**Work required:** Retype, exactly as they appear below, the lines between the line holding "by rewrite -[X in M X _]add0r shift addrC." and the line holding "Lemma circ_hankel_mulmxE (f", both ends included.

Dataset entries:
--------
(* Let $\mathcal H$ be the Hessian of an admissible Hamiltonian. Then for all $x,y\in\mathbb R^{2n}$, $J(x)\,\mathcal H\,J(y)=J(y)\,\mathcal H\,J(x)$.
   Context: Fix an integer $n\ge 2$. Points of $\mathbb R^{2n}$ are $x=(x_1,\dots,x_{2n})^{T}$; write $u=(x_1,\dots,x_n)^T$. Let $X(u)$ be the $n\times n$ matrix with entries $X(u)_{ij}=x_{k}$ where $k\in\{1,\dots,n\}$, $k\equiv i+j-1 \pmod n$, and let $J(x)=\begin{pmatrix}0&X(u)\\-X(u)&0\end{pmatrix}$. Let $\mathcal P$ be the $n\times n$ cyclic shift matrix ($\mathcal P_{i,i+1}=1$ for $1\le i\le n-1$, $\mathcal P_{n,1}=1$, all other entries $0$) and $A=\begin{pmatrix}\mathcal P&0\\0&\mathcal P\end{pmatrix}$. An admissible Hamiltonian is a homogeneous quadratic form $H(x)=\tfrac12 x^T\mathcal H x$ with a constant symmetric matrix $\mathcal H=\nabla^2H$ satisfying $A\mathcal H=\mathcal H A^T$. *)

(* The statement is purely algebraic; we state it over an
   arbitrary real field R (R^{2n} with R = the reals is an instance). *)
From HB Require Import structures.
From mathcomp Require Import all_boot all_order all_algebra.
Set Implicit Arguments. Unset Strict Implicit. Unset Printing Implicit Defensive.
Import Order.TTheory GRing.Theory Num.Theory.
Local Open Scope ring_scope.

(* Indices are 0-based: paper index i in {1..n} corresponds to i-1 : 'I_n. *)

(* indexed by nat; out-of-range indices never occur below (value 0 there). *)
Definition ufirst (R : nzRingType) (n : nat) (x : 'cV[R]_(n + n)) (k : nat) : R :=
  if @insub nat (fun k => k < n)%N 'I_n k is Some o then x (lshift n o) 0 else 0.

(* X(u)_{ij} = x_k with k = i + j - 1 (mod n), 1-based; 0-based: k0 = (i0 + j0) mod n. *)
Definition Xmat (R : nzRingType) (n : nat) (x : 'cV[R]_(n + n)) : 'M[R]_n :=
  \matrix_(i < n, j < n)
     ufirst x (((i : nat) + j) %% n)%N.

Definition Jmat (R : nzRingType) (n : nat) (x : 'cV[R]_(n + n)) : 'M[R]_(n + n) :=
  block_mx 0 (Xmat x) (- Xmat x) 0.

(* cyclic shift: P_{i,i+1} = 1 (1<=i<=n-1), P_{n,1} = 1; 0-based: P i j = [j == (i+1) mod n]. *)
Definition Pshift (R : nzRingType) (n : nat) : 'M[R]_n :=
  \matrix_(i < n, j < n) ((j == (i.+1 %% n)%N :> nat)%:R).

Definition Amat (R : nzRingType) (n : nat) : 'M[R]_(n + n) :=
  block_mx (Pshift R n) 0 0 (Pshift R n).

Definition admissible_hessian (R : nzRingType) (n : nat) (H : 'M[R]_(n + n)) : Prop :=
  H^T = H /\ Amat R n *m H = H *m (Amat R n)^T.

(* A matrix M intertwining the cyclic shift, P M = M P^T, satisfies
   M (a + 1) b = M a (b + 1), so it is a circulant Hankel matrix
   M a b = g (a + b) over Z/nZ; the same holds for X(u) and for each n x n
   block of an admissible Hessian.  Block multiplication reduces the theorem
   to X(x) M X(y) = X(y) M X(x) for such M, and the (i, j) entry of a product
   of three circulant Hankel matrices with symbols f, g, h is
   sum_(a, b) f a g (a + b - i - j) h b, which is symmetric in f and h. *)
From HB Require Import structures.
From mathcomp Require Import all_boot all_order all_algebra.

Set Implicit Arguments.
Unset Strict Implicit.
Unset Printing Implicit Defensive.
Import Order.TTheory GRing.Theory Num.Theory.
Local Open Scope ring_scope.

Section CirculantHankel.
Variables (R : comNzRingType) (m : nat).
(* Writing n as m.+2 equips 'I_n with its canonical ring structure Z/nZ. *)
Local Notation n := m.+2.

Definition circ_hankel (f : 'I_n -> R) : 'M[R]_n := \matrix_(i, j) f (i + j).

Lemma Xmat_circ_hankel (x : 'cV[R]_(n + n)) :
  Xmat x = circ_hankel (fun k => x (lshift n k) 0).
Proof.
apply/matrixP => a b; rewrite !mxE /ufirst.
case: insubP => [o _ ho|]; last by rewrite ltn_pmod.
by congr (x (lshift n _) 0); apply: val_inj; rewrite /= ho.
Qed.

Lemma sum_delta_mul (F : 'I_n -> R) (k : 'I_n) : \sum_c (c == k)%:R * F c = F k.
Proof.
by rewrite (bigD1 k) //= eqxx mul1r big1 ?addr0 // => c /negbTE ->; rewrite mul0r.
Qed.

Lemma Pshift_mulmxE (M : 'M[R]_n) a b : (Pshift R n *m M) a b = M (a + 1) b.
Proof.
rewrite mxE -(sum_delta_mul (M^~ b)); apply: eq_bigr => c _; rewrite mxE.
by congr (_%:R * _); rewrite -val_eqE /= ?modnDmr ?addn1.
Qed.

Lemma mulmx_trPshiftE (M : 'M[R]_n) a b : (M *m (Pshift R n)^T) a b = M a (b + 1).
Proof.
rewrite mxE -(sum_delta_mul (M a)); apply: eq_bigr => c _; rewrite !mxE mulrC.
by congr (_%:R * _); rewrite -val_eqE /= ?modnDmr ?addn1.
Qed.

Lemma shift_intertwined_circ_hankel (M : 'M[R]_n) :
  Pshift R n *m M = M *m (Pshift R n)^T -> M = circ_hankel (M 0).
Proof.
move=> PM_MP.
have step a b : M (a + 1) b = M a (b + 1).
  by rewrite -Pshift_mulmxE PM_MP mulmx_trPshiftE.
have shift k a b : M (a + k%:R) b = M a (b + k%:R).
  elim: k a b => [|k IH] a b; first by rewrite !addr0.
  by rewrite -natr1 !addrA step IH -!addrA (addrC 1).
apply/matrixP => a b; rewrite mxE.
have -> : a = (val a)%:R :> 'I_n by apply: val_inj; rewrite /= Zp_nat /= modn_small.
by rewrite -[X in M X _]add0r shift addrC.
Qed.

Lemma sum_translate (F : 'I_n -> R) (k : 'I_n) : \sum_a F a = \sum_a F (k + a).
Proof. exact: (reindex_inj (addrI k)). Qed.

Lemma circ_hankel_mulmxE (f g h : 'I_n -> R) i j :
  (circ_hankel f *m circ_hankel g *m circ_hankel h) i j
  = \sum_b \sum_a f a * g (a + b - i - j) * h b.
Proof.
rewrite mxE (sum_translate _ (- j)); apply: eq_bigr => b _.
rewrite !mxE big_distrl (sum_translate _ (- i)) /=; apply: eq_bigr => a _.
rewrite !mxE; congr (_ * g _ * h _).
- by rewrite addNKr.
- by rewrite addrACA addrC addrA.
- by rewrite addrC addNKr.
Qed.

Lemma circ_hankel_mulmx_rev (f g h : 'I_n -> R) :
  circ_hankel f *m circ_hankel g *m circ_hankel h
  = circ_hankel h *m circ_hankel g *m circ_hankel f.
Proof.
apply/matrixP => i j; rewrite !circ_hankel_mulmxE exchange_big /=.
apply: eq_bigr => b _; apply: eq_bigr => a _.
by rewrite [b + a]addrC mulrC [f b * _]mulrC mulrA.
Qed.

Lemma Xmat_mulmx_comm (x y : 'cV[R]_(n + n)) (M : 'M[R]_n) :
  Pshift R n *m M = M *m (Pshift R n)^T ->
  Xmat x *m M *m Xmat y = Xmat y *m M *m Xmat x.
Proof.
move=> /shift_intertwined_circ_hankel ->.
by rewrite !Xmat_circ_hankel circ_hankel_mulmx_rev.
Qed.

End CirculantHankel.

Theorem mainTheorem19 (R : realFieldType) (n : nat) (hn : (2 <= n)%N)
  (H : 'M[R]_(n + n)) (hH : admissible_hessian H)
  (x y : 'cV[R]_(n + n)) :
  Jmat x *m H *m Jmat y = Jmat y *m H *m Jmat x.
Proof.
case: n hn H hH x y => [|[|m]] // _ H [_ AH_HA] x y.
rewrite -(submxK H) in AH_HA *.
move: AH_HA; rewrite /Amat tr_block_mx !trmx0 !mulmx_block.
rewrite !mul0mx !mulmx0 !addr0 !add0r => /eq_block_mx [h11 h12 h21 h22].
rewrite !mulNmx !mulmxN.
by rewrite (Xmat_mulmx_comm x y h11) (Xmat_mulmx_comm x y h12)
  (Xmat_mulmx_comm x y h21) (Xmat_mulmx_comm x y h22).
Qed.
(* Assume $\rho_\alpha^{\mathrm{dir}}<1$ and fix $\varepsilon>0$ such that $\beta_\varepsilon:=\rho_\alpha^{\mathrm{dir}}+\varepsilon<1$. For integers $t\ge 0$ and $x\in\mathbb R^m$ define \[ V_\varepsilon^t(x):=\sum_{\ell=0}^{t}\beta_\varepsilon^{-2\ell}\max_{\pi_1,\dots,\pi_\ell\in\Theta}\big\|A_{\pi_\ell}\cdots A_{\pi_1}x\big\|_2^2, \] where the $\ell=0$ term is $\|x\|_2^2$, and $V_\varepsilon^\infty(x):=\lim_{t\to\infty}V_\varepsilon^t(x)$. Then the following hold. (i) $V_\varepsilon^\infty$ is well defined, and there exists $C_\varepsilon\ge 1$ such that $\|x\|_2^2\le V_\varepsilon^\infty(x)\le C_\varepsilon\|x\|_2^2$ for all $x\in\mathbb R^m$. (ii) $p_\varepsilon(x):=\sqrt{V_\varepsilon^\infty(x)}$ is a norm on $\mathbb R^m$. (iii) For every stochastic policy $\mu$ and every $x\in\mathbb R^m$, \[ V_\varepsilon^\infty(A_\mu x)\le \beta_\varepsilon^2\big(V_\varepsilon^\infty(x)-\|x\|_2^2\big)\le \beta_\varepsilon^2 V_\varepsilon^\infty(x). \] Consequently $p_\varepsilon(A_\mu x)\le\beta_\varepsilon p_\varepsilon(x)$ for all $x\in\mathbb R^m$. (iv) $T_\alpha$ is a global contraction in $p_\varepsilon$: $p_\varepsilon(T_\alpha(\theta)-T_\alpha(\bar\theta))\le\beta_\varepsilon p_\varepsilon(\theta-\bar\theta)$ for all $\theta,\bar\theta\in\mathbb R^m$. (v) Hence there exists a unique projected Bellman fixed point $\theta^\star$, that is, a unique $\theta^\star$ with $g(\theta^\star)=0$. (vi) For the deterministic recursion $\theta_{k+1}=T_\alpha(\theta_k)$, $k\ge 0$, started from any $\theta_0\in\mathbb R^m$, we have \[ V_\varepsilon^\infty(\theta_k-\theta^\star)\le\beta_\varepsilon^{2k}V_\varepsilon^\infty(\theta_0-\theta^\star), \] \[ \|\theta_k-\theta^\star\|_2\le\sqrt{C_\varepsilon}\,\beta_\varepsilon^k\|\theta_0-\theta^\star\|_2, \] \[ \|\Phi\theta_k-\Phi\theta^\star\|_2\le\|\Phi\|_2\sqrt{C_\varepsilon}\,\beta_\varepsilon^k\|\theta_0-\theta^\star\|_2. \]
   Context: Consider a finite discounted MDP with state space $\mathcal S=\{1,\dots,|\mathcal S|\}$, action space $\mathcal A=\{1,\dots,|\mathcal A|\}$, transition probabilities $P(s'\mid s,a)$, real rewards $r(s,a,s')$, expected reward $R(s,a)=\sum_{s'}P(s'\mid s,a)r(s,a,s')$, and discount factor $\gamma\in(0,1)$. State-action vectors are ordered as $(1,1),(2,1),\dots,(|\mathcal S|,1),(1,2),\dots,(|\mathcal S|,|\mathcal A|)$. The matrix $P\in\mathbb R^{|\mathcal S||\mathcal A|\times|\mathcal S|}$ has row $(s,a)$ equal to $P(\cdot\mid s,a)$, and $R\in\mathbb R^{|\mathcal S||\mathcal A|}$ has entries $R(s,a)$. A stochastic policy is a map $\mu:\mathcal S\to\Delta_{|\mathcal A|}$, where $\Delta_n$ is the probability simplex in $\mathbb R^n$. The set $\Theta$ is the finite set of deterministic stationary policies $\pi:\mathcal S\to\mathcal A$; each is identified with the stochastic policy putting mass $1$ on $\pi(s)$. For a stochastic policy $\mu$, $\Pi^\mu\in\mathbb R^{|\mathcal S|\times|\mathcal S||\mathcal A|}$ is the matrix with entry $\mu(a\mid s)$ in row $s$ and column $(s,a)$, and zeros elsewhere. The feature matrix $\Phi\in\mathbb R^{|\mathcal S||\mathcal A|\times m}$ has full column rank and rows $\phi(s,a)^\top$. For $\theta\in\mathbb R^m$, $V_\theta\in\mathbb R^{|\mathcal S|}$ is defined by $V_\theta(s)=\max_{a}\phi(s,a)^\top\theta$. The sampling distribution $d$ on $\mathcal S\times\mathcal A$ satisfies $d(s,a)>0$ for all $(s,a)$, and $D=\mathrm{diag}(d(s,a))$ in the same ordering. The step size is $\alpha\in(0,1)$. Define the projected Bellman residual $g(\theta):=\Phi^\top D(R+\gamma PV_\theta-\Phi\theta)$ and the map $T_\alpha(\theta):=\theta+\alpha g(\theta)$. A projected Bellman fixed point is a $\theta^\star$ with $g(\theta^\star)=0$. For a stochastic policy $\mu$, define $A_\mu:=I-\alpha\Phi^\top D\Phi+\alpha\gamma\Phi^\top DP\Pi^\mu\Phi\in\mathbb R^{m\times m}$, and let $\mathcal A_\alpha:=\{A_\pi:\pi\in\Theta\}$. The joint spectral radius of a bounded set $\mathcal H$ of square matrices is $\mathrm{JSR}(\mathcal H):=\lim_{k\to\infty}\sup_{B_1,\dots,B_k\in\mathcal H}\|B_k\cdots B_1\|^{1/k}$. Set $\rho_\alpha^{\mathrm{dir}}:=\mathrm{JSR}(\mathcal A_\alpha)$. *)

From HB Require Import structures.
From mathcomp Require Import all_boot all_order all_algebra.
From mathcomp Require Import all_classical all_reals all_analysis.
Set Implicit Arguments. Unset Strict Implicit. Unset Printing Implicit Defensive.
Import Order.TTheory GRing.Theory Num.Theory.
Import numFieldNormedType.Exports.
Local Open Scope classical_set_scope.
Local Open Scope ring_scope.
--------
**Completed task:**
by rewrite -[X in M X _]add0r shift addrC.
Qed.

Lemma sum_translate (F : 'I_n -> R) (k : 'I_n) : \sum_a F a = \sum_a F (k + a).
Proof. exact: (reindex_inj (addrI k)). Qed.

Lemma circ_hankel_mulmxE (f g h : 'I_n -> R) i j :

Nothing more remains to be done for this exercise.